(Saved entries)
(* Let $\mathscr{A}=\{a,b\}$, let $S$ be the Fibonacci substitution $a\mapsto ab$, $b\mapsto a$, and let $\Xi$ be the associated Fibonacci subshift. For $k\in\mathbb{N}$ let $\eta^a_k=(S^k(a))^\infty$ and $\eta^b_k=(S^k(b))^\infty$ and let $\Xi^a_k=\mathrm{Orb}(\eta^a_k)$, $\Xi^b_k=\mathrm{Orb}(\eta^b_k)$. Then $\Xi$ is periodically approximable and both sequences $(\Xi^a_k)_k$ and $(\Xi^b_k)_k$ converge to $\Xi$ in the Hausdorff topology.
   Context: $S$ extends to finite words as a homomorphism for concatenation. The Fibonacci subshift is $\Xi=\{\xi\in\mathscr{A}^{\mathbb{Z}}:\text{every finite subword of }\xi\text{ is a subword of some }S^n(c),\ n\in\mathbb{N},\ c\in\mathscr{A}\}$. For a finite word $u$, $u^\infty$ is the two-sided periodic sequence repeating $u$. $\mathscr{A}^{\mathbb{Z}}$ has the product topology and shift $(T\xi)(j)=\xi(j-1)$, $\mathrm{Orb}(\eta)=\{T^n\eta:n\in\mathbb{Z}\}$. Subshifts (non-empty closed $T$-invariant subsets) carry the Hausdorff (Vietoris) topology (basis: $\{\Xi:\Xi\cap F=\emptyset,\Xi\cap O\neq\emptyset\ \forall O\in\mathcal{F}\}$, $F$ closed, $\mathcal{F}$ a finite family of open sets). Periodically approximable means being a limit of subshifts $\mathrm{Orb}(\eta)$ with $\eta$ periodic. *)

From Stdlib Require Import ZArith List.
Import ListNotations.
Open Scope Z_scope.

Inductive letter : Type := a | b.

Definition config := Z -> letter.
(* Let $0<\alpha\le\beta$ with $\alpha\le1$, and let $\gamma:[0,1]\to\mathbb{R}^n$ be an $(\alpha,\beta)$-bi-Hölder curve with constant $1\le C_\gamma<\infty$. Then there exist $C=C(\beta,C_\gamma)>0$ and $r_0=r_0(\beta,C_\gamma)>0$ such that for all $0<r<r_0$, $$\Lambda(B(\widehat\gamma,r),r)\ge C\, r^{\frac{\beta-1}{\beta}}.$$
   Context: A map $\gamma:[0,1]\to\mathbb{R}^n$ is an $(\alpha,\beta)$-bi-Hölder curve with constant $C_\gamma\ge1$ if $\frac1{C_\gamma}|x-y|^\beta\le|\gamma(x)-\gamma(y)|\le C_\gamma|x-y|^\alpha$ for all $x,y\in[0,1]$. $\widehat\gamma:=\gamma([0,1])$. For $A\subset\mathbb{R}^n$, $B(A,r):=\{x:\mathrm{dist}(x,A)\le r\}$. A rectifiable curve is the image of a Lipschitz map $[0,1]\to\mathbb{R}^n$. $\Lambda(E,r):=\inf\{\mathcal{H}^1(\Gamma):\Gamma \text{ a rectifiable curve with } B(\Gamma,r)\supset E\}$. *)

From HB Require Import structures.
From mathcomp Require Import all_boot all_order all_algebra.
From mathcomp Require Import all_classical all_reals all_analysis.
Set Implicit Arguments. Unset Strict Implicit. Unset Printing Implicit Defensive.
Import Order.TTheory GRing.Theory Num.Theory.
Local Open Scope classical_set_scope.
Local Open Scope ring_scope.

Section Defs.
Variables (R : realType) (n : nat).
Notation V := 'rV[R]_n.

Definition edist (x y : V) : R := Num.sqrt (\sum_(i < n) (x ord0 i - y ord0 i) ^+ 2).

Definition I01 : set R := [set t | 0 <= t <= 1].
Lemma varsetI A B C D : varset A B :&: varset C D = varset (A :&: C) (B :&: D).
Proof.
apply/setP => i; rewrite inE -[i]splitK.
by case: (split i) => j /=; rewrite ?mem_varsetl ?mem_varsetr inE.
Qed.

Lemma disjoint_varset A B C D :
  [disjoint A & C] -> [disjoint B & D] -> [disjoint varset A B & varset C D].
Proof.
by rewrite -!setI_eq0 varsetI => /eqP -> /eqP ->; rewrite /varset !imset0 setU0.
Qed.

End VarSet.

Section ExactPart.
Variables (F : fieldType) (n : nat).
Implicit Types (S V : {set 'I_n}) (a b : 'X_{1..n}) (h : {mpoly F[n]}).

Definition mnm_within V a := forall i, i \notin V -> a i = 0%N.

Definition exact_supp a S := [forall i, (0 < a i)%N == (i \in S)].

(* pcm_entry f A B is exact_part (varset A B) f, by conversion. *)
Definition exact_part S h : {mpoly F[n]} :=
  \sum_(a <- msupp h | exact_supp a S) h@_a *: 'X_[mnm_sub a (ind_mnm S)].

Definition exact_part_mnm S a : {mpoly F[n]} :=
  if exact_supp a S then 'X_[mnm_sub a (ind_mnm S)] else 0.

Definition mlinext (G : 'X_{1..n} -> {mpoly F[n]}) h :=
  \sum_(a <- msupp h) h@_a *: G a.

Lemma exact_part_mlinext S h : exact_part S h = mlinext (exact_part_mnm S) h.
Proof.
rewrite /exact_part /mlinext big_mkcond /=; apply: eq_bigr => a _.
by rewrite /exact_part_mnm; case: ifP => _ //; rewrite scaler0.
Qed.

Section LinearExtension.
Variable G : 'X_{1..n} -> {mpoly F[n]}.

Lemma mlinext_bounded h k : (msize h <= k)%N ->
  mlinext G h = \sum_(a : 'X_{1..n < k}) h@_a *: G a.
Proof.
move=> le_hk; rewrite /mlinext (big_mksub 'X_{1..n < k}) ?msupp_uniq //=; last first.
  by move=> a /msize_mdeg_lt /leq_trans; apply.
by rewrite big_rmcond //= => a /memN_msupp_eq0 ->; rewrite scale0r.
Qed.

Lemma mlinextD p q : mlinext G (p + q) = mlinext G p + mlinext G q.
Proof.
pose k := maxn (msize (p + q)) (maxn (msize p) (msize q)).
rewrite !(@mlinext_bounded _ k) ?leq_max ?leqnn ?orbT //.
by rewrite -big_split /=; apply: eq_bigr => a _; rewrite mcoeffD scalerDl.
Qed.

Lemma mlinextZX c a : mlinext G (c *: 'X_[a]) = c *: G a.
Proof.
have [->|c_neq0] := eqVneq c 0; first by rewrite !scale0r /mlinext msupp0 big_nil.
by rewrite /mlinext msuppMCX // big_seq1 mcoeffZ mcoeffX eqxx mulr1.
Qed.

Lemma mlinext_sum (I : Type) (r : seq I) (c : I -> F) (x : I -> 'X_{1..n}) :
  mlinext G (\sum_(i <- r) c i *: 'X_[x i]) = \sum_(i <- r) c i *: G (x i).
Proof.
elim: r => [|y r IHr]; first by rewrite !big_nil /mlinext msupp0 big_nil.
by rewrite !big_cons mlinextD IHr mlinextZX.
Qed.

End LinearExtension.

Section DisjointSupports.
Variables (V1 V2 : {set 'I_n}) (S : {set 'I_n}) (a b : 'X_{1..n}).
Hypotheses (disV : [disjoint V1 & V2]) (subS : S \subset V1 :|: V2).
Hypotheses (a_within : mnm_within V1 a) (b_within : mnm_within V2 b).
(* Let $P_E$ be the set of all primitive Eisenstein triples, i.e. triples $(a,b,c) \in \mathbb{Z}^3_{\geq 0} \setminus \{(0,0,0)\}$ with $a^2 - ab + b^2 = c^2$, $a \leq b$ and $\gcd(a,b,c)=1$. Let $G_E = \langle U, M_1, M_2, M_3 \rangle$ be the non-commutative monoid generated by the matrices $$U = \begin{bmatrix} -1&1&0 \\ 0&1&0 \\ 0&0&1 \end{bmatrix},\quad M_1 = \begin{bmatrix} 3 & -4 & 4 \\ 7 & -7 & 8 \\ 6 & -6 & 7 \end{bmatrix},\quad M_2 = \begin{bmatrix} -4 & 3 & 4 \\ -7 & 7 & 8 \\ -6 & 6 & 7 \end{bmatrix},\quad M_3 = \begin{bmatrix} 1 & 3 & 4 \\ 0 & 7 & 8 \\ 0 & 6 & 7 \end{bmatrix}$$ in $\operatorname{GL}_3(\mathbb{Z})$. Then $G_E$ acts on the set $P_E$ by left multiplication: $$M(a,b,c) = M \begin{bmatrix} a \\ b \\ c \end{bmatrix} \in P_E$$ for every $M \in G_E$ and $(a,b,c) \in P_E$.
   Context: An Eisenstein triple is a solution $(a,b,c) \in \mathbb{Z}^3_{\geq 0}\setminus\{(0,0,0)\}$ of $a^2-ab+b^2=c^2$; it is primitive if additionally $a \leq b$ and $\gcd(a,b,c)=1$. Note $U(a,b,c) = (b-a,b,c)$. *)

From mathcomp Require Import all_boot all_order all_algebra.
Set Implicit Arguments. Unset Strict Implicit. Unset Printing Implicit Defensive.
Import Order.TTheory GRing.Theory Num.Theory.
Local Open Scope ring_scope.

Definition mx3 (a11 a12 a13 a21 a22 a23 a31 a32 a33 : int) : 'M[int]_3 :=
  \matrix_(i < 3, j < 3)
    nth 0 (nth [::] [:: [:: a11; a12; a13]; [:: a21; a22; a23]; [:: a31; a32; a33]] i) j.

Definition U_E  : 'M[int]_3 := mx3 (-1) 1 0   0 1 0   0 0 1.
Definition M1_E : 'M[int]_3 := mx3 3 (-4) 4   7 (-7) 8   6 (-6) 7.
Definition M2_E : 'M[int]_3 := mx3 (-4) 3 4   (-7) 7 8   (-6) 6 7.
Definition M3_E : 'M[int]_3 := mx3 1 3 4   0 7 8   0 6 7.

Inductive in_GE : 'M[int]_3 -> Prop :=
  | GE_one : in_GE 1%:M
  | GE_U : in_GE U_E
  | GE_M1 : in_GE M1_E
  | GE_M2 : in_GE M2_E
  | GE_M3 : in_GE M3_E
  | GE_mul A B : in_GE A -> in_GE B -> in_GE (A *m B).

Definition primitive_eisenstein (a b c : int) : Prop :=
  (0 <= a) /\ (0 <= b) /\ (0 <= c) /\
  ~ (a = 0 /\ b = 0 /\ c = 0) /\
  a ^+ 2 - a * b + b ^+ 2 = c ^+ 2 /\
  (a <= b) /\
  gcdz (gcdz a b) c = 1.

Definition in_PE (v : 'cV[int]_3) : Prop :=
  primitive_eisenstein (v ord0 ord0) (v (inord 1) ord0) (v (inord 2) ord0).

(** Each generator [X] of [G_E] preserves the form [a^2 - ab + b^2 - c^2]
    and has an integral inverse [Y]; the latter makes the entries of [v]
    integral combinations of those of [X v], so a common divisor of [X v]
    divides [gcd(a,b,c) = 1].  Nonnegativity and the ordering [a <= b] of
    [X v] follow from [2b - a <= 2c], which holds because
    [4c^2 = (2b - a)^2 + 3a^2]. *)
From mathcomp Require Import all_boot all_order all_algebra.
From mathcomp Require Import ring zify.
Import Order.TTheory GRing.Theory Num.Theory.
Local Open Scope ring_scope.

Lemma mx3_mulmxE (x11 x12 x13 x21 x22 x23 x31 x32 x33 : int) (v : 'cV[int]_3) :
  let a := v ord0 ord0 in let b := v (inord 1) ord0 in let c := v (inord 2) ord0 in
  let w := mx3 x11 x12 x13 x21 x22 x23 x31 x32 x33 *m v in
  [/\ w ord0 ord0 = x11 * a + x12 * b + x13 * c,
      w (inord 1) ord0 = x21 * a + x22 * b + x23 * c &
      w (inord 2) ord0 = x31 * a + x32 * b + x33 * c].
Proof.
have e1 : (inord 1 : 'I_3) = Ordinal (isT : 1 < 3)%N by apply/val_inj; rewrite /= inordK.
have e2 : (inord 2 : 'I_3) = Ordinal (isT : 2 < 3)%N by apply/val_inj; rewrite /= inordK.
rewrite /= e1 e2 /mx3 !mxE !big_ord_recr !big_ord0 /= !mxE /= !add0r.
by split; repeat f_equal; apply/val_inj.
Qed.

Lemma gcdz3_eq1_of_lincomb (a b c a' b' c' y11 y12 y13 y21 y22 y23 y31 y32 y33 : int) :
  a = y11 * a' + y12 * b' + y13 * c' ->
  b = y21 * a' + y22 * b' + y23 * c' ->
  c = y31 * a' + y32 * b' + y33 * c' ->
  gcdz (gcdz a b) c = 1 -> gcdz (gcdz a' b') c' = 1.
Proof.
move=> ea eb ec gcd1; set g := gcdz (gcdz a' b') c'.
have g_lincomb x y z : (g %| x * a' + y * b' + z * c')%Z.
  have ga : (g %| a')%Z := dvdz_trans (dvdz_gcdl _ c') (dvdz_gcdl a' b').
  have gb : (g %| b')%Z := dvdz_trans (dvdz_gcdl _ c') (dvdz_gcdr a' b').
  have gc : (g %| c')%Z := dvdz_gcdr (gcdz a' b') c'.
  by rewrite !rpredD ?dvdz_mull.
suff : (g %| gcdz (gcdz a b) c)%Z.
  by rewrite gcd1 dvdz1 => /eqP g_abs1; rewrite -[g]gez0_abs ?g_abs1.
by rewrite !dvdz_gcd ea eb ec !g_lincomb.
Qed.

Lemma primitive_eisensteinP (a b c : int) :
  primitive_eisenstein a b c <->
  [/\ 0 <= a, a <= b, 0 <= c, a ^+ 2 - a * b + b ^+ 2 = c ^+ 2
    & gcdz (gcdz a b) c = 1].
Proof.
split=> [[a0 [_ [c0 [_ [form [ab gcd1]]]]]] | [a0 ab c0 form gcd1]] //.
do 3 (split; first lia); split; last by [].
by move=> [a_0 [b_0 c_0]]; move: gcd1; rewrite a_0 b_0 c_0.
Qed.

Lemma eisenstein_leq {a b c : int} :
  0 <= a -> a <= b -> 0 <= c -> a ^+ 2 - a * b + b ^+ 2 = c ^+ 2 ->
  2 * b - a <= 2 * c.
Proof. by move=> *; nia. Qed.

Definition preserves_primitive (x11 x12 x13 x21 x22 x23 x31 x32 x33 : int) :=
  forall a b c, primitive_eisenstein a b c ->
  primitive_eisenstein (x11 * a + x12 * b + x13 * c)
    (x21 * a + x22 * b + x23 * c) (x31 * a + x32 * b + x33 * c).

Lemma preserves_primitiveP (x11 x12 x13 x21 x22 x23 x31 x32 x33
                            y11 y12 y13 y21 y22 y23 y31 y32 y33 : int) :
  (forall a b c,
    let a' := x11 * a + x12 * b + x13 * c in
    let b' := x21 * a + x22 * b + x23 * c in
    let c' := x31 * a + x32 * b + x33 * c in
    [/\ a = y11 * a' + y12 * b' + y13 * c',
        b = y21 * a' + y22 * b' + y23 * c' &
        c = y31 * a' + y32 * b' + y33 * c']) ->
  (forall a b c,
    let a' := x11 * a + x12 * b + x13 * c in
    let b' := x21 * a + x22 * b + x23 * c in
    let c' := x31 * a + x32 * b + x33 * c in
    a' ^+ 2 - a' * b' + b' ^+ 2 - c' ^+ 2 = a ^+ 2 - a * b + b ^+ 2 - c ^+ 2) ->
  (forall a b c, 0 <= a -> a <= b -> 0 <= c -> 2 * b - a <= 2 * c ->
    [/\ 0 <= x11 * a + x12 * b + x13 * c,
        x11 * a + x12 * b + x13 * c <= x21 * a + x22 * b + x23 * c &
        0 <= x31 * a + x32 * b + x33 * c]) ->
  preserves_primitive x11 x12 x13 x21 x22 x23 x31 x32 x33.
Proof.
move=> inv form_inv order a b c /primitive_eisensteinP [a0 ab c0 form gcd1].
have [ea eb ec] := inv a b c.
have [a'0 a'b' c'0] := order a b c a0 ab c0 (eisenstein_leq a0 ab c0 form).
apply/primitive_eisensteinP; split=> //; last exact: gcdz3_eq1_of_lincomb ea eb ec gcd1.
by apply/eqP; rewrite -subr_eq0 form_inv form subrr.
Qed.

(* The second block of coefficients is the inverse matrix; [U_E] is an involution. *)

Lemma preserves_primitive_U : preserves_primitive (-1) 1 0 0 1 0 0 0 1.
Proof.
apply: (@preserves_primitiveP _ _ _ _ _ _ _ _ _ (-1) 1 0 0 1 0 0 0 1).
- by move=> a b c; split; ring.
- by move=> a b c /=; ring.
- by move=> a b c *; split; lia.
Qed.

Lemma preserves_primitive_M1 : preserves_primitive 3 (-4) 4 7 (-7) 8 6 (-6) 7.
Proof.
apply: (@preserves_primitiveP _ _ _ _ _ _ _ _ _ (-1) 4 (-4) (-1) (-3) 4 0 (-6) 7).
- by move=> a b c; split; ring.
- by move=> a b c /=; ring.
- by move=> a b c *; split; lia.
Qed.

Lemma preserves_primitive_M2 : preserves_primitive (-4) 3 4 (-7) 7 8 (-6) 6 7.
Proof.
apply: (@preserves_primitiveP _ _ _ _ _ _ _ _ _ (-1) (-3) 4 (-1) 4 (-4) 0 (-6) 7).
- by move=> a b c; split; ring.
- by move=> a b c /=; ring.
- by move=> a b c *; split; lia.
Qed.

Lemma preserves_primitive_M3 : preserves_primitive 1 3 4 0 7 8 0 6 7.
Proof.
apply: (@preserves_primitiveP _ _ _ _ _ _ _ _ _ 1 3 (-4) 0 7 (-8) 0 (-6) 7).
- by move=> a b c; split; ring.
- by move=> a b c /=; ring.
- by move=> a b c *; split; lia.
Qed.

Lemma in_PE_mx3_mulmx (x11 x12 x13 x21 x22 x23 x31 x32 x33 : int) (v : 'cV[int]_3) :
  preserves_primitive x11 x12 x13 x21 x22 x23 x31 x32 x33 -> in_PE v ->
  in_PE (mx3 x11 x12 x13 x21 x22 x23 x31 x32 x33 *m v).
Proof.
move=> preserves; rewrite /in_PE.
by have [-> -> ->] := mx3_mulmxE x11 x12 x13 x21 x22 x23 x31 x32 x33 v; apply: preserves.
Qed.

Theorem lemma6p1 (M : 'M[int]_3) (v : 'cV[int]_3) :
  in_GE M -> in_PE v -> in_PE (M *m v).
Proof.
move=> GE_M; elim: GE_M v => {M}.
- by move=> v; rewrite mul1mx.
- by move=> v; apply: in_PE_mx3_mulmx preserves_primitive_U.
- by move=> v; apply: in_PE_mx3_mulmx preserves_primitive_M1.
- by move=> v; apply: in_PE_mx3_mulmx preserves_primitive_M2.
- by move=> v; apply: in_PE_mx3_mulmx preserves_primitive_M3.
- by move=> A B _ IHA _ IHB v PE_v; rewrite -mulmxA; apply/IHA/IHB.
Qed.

*YOUR TASK:* Wherever the line holding "GE_U : in_GE U_E" falls in the entries above, copy exactly from it through the line holding "Lemma mx3_mulmxE (x11", inclusive, and add nothing.

*SOLVED EXERCISE:*
  | GE_U : in_GE U_E
  | GE_M1 : in_GE M1_E
  | GE_M2 : in_GE M2_E
  | GE_M3 : in_GE M3_E
  | GE_mul A B : in_GE A -> in_GE B -> in_GE (A *m B).

Definition primitive_eisenstein (a b c : int) : Prop :=
  (0 <= a) /\ (0 <= b) /\ (0 <= c) /\
  ~ (a = 0 /\ b = 0 /\ c = 0) /\
  a ^+ 2 - a * b + b ^+ 2 = c ^+ 2 /\
  (a <= b) /\
  gcdz (gcdz a b) c = 1.

Definition in_PE (v : 'cV[int]_3) : Prop :=
  primitive_eisenstein (v ord0 ord0) (v (inord 1) ord0) (v (inord 2) ord0).

(** Each generator [X] of [G_E] preserves the form [a^2 - ab + b^2 - c^2]
    and has an integral inverse [Y]; the latter makes the entries of [v]
    integral combinations of those of [X v], so a common divisor of [X v]
    divides [gcd(a,b,c) = 1].  Nonnegativity and the ordering [a <= b] of
    [X v] follow from [2b - a <= 2c], which holds because
    [4c^2 = (2b - a)^2 + 3a^2]. *)
From mathcomp Require Import all_boot all_order all_algebra.
From mathcomp Require Import ring zify.
Import Order.TTheory GRing.Theory Num.Theory.
Local Open Scope ring_scope.

Lemma mx3_mulmxE (x11 x12 x13 x21 x22 x23 x31 x32 x33 : int) (v : 'cV[int]_3) :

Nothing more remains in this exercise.